NZD is the second best performing of the majors, up 1.7% but which means AUD/NZD is up another 0.5% to 1.1087, its highest since 10 August 2018. RBNZ Governor Adrian Orr is crossing the wires right now, noting the RBNZ was one of the first CBs to start tightening, that he has no regrets on monetary policy and is ‘proud’ of where we are and, in a line borrowed from RBA Governor Lowe on Tuesday, says that ‘it’s now business as usual’ on monetary policy. Whether than means future policy tightening increments will be 25bps not 50bps remains to be seen – probably not is the initial reaction from our BNZ colleagues, rather it means tightening policy to get inflation (and employment) back to where they need to be.

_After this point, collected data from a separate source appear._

(* Let $\mathcal E_\infty(\mathbb N)=\{f\in l^\infty(\mathbb N):\mathrm{AE}(f)=+\infty\}$. Then $\mathcal E_\infty(\mathbb N)$ is dense in $l^\infty(\mathbb N)$ in the norm topology.
   Context: $\mathbb N=\{0,1,2,\ldots\}$ and $l^\infty(\mathbb N)$ is the C*-algebra of bounded complex-valued functions on $\mathbb N$ with the sup norm. Let $\sigma_A:l^\infty(\mathbb N)\to l^\infty(\mathbb N)$ be $(\sigma_Af)(n)=f(n+1)$. An anqie is a unital C*-subalgebra $\mathcal A\subseteq l^\infty(\mathbb N)$ with $\sigma_A(\mathcal A)\subseteq\mathcal A$. For $\mathcal F\subseteq l^\infty(\mathbb N)$, $\mathcal A_{\mathcal F}$ denotes the smallest anqie containing $\mathcal F$. For an anqie $\mathcal A$ with maximal ideal space $X$ (weak* topology), the map $A:X\to X$, $(A\rho)(f)=\rho(\sigma_Af)$, is continuous; the anqie entropy $\mathrm{AE}(\mathcal A)\in[0,\infty]$ is the topological entropy $h(A)$, and $\mathrm{AE}(f)=\mathrm{AE}(\mathcal A_{\{f\}})$. *)

From Stdlib Require Import Reals List.
Import ListNotations.
Open Scope R_scope.

Record C := mkC { Re : R; Im : R }.
Definition C0 : C := mkC 0 0.
Definition C1 : C := mkC 1 0.
Definition Cadd (z w : C) : C := mkC (Re z + Re w) (Im z + Im w).
Definition Copp (z : C) : C := mkC (- Re z) (- Im z).
Definition Csub (z w : C) : C := Cadd z (Copp w).
Definition Cmul (z w : C) : C :=
  mkC (Re z * Re w - Im z * Im w) (Re z * Im w + Im z * Re w).
Definition Cconj (z : C) : C := mkC (Re z) (- Im z).
Definition Cmod (z : C) : R := sqrt (Re z * Re z + Im z * Im z).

The more than 5% oil price jump comes on conformation that the EU plans to ban Russian crude oil over the next six months, refined fuels by the end of the year and bar European ships from transporting Russian petroleum products. Sources suggest that Hungary and Slovakia, who are more reliant on Russian oil, will be granted a longer timeframe, through to the end of next year. All 27 EU members will need to agree for the plan to progress. If agreed, the question then becomes what will Russia’s response be, and a cut in the EU gas supply would be highly problematic for the region next winter.
In economic news, the US services ISM index fell 1.2pts to 57.1 in April against expectations for a small lift. Like the manufacturing version released earlier this week, supply chain issues and inflationary pressures remained intense. The employment index fell 4.5pts to 49.5, as much a reflection of the difficulty in finding staff than weaker labour demand. Separately, the change in ADP private payrolls for April was weaker than expected at 247k, but that shouldn’t change expectations for nonfarm payrolls at the end of the week, given its non-existent track record in predicting that official figures. The US March trade balance was -$109.8bn versus $107.1bn expected while MBA Mortgage applications were up 2.5% last week, but this is after an 8.5% prior week drop. The trend is sharply down (-47.5% year on year).